WHAT THE TASK ASKS: Look through the entries below and extract exactly the lines from the one containing "Conversely, let L" through the one containing "degree, simultaneously for", ends included.

Extracted data entries:

######

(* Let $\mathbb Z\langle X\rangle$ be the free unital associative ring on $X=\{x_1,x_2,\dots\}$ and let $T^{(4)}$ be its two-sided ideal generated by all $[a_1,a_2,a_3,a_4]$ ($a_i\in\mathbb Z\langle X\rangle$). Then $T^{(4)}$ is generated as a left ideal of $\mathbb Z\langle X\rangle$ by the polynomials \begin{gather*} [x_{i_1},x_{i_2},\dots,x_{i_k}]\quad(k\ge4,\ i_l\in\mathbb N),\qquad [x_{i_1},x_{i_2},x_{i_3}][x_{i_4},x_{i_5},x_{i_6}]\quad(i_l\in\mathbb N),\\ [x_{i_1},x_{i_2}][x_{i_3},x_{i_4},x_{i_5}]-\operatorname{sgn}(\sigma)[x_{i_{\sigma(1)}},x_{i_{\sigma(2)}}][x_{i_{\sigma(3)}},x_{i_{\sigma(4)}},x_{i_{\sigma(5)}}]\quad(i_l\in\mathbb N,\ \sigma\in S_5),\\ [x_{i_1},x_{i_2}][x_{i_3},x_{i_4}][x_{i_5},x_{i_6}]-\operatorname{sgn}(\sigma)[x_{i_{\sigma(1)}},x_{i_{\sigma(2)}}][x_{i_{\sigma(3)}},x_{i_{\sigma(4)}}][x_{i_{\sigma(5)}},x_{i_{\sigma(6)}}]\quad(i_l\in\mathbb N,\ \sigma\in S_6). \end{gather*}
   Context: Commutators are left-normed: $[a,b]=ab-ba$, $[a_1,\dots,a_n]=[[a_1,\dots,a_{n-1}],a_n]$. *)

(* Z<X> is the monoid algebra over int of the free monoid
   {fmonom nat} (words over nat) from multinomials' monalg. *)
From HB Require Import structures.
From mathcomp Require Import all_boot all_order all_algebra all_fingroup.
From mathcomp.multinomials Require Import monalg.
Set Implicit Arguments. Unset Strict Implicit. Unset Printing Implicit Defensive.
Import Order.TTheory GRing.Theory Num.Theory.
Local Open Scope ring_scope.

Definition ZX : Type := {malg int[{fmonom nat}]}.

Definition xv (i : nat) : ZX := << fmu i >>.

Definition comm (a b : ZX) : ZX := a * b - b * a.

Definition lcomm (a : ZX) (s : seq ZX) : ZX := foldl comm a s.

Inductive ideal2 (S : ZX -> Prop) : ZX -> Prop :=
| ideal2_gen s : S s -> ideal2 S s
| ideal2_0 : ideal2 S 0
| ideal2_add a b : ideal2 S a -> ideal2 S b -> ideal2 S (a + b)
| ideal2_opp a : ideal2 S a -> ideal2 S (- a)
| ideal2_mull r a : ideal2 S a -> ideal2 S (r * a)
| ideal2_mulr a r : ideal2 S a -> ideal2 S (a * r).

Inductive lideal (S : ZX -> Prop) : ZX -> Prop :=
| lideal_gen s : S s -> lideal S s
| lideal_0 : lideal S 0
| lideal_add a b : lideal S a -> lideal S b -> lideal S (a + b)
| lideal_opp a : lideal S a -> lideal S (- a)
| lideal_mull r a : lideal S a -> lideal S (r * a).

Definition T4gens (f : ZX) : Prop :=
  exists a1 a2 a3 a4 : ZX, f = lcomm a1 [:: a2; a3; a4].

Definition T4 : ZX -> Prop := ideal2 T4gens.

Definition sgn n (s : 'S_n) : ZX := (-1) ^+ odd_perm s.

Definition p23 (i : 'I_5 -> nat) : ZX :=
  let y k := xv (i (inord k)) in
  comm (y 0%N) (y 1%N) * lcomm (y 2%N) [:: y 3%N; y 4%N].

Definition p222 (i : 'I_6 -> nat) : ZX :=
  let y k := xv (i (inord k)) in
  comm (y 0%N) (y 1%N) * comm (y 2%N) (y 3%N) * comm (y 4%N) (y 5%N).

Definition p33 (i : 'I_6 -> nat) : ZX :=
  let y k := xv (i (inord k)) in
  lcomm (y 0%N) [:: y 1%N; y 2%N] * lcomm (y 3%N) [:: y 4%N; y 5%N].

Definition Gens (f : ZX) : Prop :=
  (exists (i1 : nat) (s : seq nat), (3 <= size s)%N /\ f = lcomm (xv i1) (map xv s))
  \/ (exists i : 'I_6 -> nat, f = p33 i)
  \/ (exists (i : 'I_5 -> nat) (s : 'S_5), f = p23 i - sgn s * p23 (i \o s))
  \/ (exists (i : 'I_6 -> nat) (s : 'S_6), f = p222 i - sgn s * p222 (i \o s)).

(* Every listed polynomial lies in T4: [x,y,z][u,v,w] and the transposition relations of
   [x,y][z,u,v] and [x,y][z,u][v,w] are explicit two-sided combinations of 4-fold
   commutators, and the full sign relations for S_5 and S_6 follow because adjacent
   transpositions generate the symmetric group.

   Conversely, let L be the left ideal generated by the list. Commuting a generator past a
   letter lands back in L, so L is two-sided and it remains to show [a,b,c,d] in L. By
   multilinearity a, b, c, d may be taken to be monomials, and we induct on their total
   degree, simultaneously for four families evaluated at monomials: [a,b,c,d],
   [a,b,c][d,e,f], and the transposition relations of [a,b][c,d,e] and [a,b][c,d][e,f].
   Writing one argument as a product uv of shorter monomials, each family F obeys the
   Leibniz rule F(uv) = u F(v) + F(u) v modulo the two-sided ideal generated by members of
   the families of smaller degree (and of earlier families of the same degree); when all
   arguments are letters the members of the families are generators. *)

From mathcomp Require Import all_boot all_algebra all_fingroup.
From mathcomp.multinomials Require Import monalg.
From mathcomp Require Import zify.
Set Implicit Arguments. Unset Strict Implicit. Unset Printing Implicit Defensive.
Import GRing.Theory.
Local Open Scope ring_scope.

######

ANSWER TO THIS PROBLEM:
   Conversely, let L be the left ideal generated by the list. Commuting a generator past a
   letter lands back in L, so L is two-sided and it remains to show [a,b,c,d] in L. By
   multilinearity a, b, c, d may be taken to be monomials, and we induct on their total
   degree, simultaneously for four families evaluated at monomials: [a,b,c,d],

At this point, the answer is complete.